Roger Pallais: los comienzos del Opus Dei en Nicaragua




Camino

Me llamo Roger Pallais y nací en San José de Costa Rica el 14 de abril de 1948. Tengo seis hermanos que viven en Francia y en los Estados Unidos. En la actualidad mi madre vive en París, al igual que yo.

Cuando estaba estudiando y un año o un año y medio para ser oficial del Ejército, con el grado de teniente, una prima mía, que vivía en Costa Rica, pasó por Managua. Cuando la ví, ella, que sabía algo de mi búsqueda espiritual, me regaló un libro pequeñito: Camino. “Te gustará mucho” me dijo sonriendo.

Y así fue. Camino me causó un impacto difícil de medir. Empecé a meditarlo mucho, a hacer oración, a ir a Misa diaria, a tener una dirección espiritual, etc. En fin, a poner en práctica todo lo que allí se decía, en la medida en la que yo llegaba a comprenderlo.

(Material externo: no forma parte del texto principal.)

(* Let $I$ be an ideal on a cardinal $\kappa$ and $\theta$ a regular cardinal. The following are equivalent: (1) $I$ is weakly $\theta$-saturated and $\theta$-indecomposable. (2) Whenever $\langle B_i:i<\theta\rangle$ is a $\subseteq$-increasing sequence of subsets of $\kappa$, there is $i^*<\theta$ such that $B_i=_I\bigcup_{j<\theta}B_j$ for all $i$ with $i^*\leq i<\theta$. (3) Whenever $\langle A_i:i<\theta\rangle$ is a sequence of $I$-positive subsets of $\kappa$, $\bigcap_{i<\theta}\bigcup_{i\leq j<\theta}A_j\neq\emptyset$.
   Context: By an ideal on a cardinal $\kappa$ we mean a proper ideal on $\kappa$ containing all bounded subsets of $\kappa$. $I$-positive means not in $I$; $A=_I B$ means $A\setminus B,B\setminus A\in I$. $I$ is weakly $\theta$-saturated if there is no partition of $\kappa$ into $\theta$ pairwise disjoint $I$-positive sets. $I$ is $\theta$-indecomposable if whenever $\langle A_i:i<\theta\rangle$ are subsets of $\kappa$ with $\bigcup_{i<\theta}A_i\notin I$, there is $w\subseteq\theta$ with $|w|<\theta$ and $\bigcup_{i\in w}A_i\notin I$. *)

(* Cardinals are represented von-Neumann style as initial
   ordinals: a type carrying a strict well-order such that no proper initial
   segment is equinumerous with (injects onto) the whole type. *)
From Stdlib Require Import Classical.

Definition inj_le {A B : Type} (X : A -> Prop) (Y : B -> Prop) : Prop :=
  exists f : {a : A | X a} -> {b : B | Y b},
    forall u v, f u = f v -> u = v.

Definition card_lt {A B : Type} (X : A -> Prop) (Y : B -> Prop) : Prop :=
  inj_le X Y /\ ~ inj_le Y X.

Definition fullset (T : Type) : T -> Prop := fun _ => True.

Definition well_order {T : Type} (lt : T -> T -> Prop) : Prop :=
  (forall x, ~ lt x x) /\
  (forall x y z, lt x y -> lt y z -> lt x z) /\
  (forall x y, lt x y \/ x = y \/ lt y x) /\
  well_founded lt.

Definition is_cardinal {T : Type} (lt : T -> T -> Prop) : Prop :=
  well_order lt /\ forall a : T, ~ inj_le (fullset T) (fun x => lt x a).

Definition leo {T : Type} (lt : T -> T -> Prop) (x y : T) : Prop :=
  x = y \/ lt x y.

Definition is_regular_cardinal {T : Type} (lt : T -> T -> Prop) : Prop :=
  is_cardinal lt /\
  inj_le (fullset nat) (fullset T) /\
  forall S : T -> Prop,
    (forall a, exists b, S b /\ leo lt a b) -> ~ card_lt S (fullset T).

Definition bounded {K : Type} (lt : K -> K -> Prop) (X : K -> Prop) : Prop :=
  exists a, forall x, X x -> lt x a.

Definition is_ideal {K : Type} (lt : K -> K -> Prop) (I : (K -> Prop) -> Prop)
  : Prop :=
  I (fun _ => False) /\
  (forall X Y : K -> Prop, I Y -> (forall x, X x -> Y x) -> I X) /\
  (forall X Y : K -> Prop, I X -> I Y -> I (fun x => X x \/ Y x)) /\
  ~ I (fullset K) /\
  (forall X, bounded lt X -> I X).

Definition positive {K : Type} (I : (K -> Prop) -> Prop) (X : K -> Prop) :=
  ~ I X.

Definition eqI {K : Type} (I : (K -> Prop) -> Prop) (X Y : K -> Prop) :=
  I (fun x => X x /\ ~ Y x) /\ I (fun x => Y x /\ ~ X x).

Definition weakly_saturated {K Th : Type} (I : (K -> Prop) -> Prop) : Prop :=
  ~ exists P : Th -> K -> Prop,
      (forall i, positive I (P i)) /\
      (forall i j x, i <> j -> P i x -> P j x -> False) /\
      (forall x, exists i, P i x).

Definition indecomposable {K Th : Type} (I : (K -> Prop) -> Prop) : Prop :=
  forall A : Th -> K -> Prop,
    positive I (fun x => exists i, A i x) ->
    exists w : Th -> Prop,
      card_lt w (fullset Th) /\ positive I (fun x => exists i, w i /\ A i x).

(* (1) -> (3): if some theta-sequence of I-positive sets had empty limsup, the
   tails D_i = U_{j >= i} A_j would decrease to the empty set.  Indecomposability
   then yields, above each i, an index f(i) with D_i \ D_{f(i)} positive, and
   regularity of theta lets us choose theta many pairwise disjoint such gaps,
   contradicting weak saturation.
   (3) -> (2): the differences U_j B_j \ B_i of an increasing chain decrease and
   have empty limsup, so by (3) they are eventually in I.
   (2) -> (1): apply (2) to the partial unions U_{j <= i} A_j. *)
From Stdlib Require Import Classical ClassicalEpsilon.
From Stdlib Require Import FunctionalExtensionality ProofIrrelevance.

Lemma sig_ext {A : Type} (P : A -> Prop) (u v : {a | P a}) :
  proj1_sig u = proj1_sig v -> u = v.
Proof. apply eq_sig_hprop; intros; apply proof_irrelevance. Qed.

Lemma inj_le_trans {A B C : Type} (X : A -> Prop) (Y : B -> Prop) (Z : C -> Prop) :
  inj_le X Y -> inj_le Y Z -> inj_le X Z.
Proof.
  intros [f Hf] [g Hg]. exists (fun u => g (f u)). intros u v E. auto.
Qed.

Lemma inj_le_subset {A : Type} (X Y : A -> Prop) :
  (forall a, X a -> Y a) -> inj_le X Y.
Proof.
  intros HXY. exists (fun u => exist Y (proj1_sig u) (HXY _ (proj2_sig u))).
  intros u v E. apply sig_ext. exact (f_equal (@proj1_sig _ _) E).
Qed.

Lemma card_lt_inj_le {A B C : Type} (X : A -> Prop) (Y : B -> Prop) (Z : C -> Prop) :
  inj_le X Y -> card_lt Y Z -> card_lt X Z.
Proof.
  intros HXY [HYZ HnZY]. split; [exact (inj_le_trans _ _ _ HXY HYZ)|].
  intros HZX. exact (HnZY (inj_le_trans _ _ _ HZX HXY)).
Qed.

Lemma inj_le_dep_image {A B : Type} (X : A -> Prop) (r : forall a, X a -> B) :
  inj_le (fun y => exists a (H : X a), y = r a H) X.
Proof.
  destruct (choice (fun (u : {y | exists a (H : X a), y = r a H}) (s : {a | X a}) =>
              proj1_sig u = r (proj1_sig s) (proj2_sig s))) as [c Hc].
  { intros [y [a [H ->]]]. exists (exist X a H). reflexivity. }
  exists c. intros u v E. apply sig_ext. rewrite (Hc u), (Hc v), E. reflexivity.
Qed.

Section WellOrder.

Variables (T : Type) (lt : T -> T -> Prop).
Hypothesis lt_wo : well_order lt.

Lemma leo_or_gt (i j : T) : leo lt i j \/ lt j i.
Proof.
  destruct lt_wo as [_ [_ [Htot _]]].
  destruct (Htot i j) as [h|[h|h]]; unfold leo; auto.
Qed.

Lemma leo_trans (i j k : T) : leo lt i j -> leo lt j k -> leo lt i k.
Proof.
  destruct lt_wo as [_ [Htr _]]. intros [->|Hij] [<-|Hjk]; unfold leo; eauto.
Qed.

Lemma leo_lt_false (i j : T) : leo lt j i -> lt i j -> False.
Proof.
  destruct lt_wo as [Hirr [Htr _]]. intros [->|Hji] Hij.
  - exact (Hirr _ Hij).
  - exact (Hirr _ (Htr _ _ _ Hij Hji)).
Qed.

End WellOrder.

Section RegularCardinal.

Variables (T : Type) (lt : T -> T -> Prop).
Hypothesis lt_regular : is_regular_cardinal lt.

Lemma regular_well_order : well_order lt.
Proof. exact (proj1 (proj1 lt_regular)). Qed.

Lemma regular_inhabited : inhabited T.
Proof.
  destruct lt_regular as [_ [[e _] _]].
  exact (inhabits (proj1_sig (e (exist _ 0 Logic.I)))).
Qed.

Lemma small_bounded (w : T -> Prop) :
  card_lt w (fullset T) -> exists a, forall b, w b -> lt b a.
Proof.
  intros Hw. apply NNPP; intros Hnb.
  apply (proj2 (proj2 lt_regular) w); [|exact Hw].
  intros a. apply NNPP; intros Hna. apply Hnb. exists a. intros b wb.
  destruct (leo_or_gt _ _ regular_well_order a b) as [Hab|]; [|assumption].
  exfalso; eauto.
Qed.

Lemma regular_unbounded (i : T) : exists j, lt i j.
Proof.
  apply NNPP; intros Hmax.
  apply (proj2 (proj2 lt_regular) (fun y => y = i)).
  - intros a. exists i. split; [reflexivity|].
    destruct (leo_or_gt _ _ regular_well_order a i) as [|Hia]; [assumption|].
    exfalso; eauto.
  - split; [apply inj_le_subset; intros; exact Logic.I|].
    intros Hi. destruct (inj_le_trans _ _ _ (proj1 (proj2 lt_regular)) Hi) as [h Hh].
    assert (E : exist (fullset nat) 0 Logic.I = exist (fullset nat) 1 Logic.I).
    { apply Hh, sig_ext. rewrite (proj2_sig (h (exist _ 0 _))), (proj2_sig (h (exist _ 1 _))).
      reflexivity. }
    discriminate E.
Qed.

Lemma segment_small (a : T) : card_lt (fun b => lt b a) (fullset T).
Proof.
  split; [apply inj_le_subset; intros; exact Logic.I|]. exact (proj2 (proj1 lt_regular) a).
Qed.

Lemma closed_segment_small (a : T) : card_lt (fun b => leo lt b a) (fullset T).
Proof.
  destruct (regular_unbounded a) as [c Hac].
  apply (card_lt_inj_le _ (fun b => lt b c)); [|apply segment_small].
  apply inj_le_subset. intros b Hba.
  destruct (leo_or_gt _ _ regular_well_order c b) as [Hcb|]; [|assumption].
  pose proof (leo_trans _ _ regular_well_order _ _ _ Hcb Hba) as Hca.
  exfalso. exact (leo_lt_false _ _ regular_well_order _ _ Hca Hac).
Qed.

Lemma dep_image_bounded (a : T) (r : forall b, lt b a -> T) :
  exists c, forall b (H : lt b a), lt (r b H) c.
Proof.
  destruct (small_bounded (fun y => exists b (H : lt b a), y = r b H)) as [c Hc].
  - exact (card_lt_inj_le _ _ _ (inj_le_dep_image _ r) (segment_small a)).
  - exists c. intros b H. apply Hc. eauto.
Qed.

(* Built by well-founded recursion: [g a] is a bound of all [f (g b)], [b < a]. *)
Lemma regular_dominating_sequence (f : T -> T) :
  exists g : T -> T, forall a b, lt b a -> lt (f (g b)) (g a).
Proof.
  destruct regular_well_order as [_ [_ [_ Hwf]]].
  pose (F := fun a (r : forall b, lt b a -> T) =>
    proj1_sig (constructive_indefinite_description _
      (dep_image_bounded a (fun b H => f (r b H))))).
  assert (F_ext : forall x (r1 r2 : forall y, lt y x -> T),
             (forall y p, r1 y p = r2 y p) -> F x r1 = F x r2).
  { intros x r1 r2 E. replace r2 with r1; [reflexivity|].
    extensionality y. extensionality p. apply E. }
  exists (Fix Hwf (fun _ => T) F). intros a b Hba.
  rewrite (Fix_eq Hwf (fun _ => T) F F_ext a).
  exact (proj2_sig (constructive_indefinite_description _
    (dep_image_bounded a (fun y _ => f (Fix Hwf (fun _ => T) F y)))) b Hba).
Qed.

End RegularCardinal.
Section IdealOnKappa.

Variables (K Th : Type) (ltT : Th -> Th -> Prop) (I : (K -> Prop) -> Prop).
Hypothesis I_empty : I (fun _ => False).
Hypothesis I_subset : forall X Y : K -> Prop, I Y -> (forall x, X x -> Y x) -> I X.
Hypothesis I_union : forall X Y : K -> Prop, I X -> I Y -> I (fun x => X x \/ Y x).
Hypothesis Th_regular : is_regular_cardinal ltT.

Let ltT_wo : well_order ltT := regular_well_order _ _ Th_regular.

Definition union_upto (A : Th -> K -> Prop) (i : Th) (x : K) : Prop :=
  exists j, leo ltT j i /\ A j x.

Definition union_from (A : Th -> K -> Prop) (i : Th) (x : K) : Prop :=
  exists j, leo ltT i j /\ A j x.

Definition limsup (A : Th -> K -> Prop) (x : K) : Prop := forall i, union_from A i x.

Definition chains_stabilize_mod_I : Prop :=
  forall B : Th -> K -> Prop,
    (forall i j x, leo ltT i j -> B i x -> B j x) ->
    exists istar, forall i, leo ltT istar i -> eqI I (B i) (fun x => exists j, B j x).

Definition positive_limsup_nonempty : Prop :=
  forall A : Th -> K -> Prop, (forall i, positive I (A i)) -> exists x, limsup A x.

Lemma I_of_diff (X Y : K -> Prop) : I (fun x => Y x /\ ~ X x) -> I X -> I Y.
Proof.
  intros HYX HX. apply (I_subset _ _ (I_union _ _ HYX HX)).
  intros x Yx. destruct (classic (X x)); auto.
Qed.

Lemma union_upto_increasing (A : Th -> K -> Prop) (i j : Th) (x : K) :
  leo ltT i j -> union_upto A i x -> union_upto A j x.
Proof.
  intros Hij [k [Hki Akx]]. exists k.
  split; [exact (leo_trans _ _ ltT_wo _ _ _ Hki Hij)|exact Akx].
Qed.

Lemma union_from_decreasing (A : Th -> K -> Prop) (i j : Th) (x : K) :
  leo ltT i j -> union_from A j x -> union_from A i x.
Proof.
  intros Hij [k [Hjk Akx]]. exists k.
  split; [exact (leo_trans _ _ ltT_wo _ _ _ Hij Hjk)|exact Akx].
Qed.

El nombre del autor no retuvo mi atención. Lo que me conmovió fue el mensaje fuerte, vibrante, animoso,… de ser santo en medio del mundo. Eso fue lo que me cautivó poderosamente. Aparte de mi trabajo como oficial del Ejército, empecé a estudiar por la noche. Fui a la Universidad Centroamericana y allí empecé los estudios de Filosofía y Letras.

La meditación de Camino me daba una luz poderosa en mi vida diaria. Era un modo nuevo de afrontar todo el esfuerzo cotidiano y el apostolado con mis amigos; también la vida familiar. Una inquietud se desató con fuerza: cuál era la vocación a la que Dios me llamaba.

Fui a ver a un sacerdote. Hablamos largo y tendido y, al final, viendo mi inquietud, me dio a leer un libro de un sacerdote llamado Jesús Urteaga, con el título El valor divinode lo humano. Este libro me sacudió y me ayudó bastante, para concretar la lucha ascética. Al cabo de un año, obtuve una beca del Gobierno nicaragüense y me fui a Madrid para cursar los estudios de Ciencias Políticas.

Madrid

Llegué a Madrid a principios de diciembre del año 1969, y comencé mis estudios inmediatamente. Estaba alojado en el Colegio Mayor Hispanoamericano Nuestra Señora de Guadalupe. Uno de mis profesores, Roseto Echavarría, me había hablado de un Colegio Mayor llamado Moncloa y me hizo una carta de presentación. Pero al llegar a Madrid, el embajador de Nicaragua, amigo de mi familia, me dijo que me había reservado una plaza en el Colegio Mayor Guadalupe. Allí seguía leyendo y meditando Camino.

Un día, en el mes de enero o febrero -no me acuerdo bien-, al salir de un aula de Ciencias Políticas, estuve hablando con un joven estudiante queme propuso asistir a una conferencia sobre el Marxismo: una crítica del Marxismo. Este chico, que estudiaba Ciencias Económicas y Políticas al mismo tiempo, se llamaba Eusebio Masauri y era de Bilbao. Fui, y al final de la conferencia me dijo: “Si quieres puedes quedarte; va a haber un sacerdote que va a venir a predicarnos sobre un aspecto del Evangelio”. Me interesaba y me quedé.

El sacerdote era don José Antonio Galera, y nos habló de la vida de un joven del Opus Dei, Hernán Cortés, que acababa de enterrar en Santander y que murió en olor de santidad. El centro donde me encontraba estaba en la calle General Oraá 26. Luego supe que era como una extensión del Colegio Mayor Montalbán.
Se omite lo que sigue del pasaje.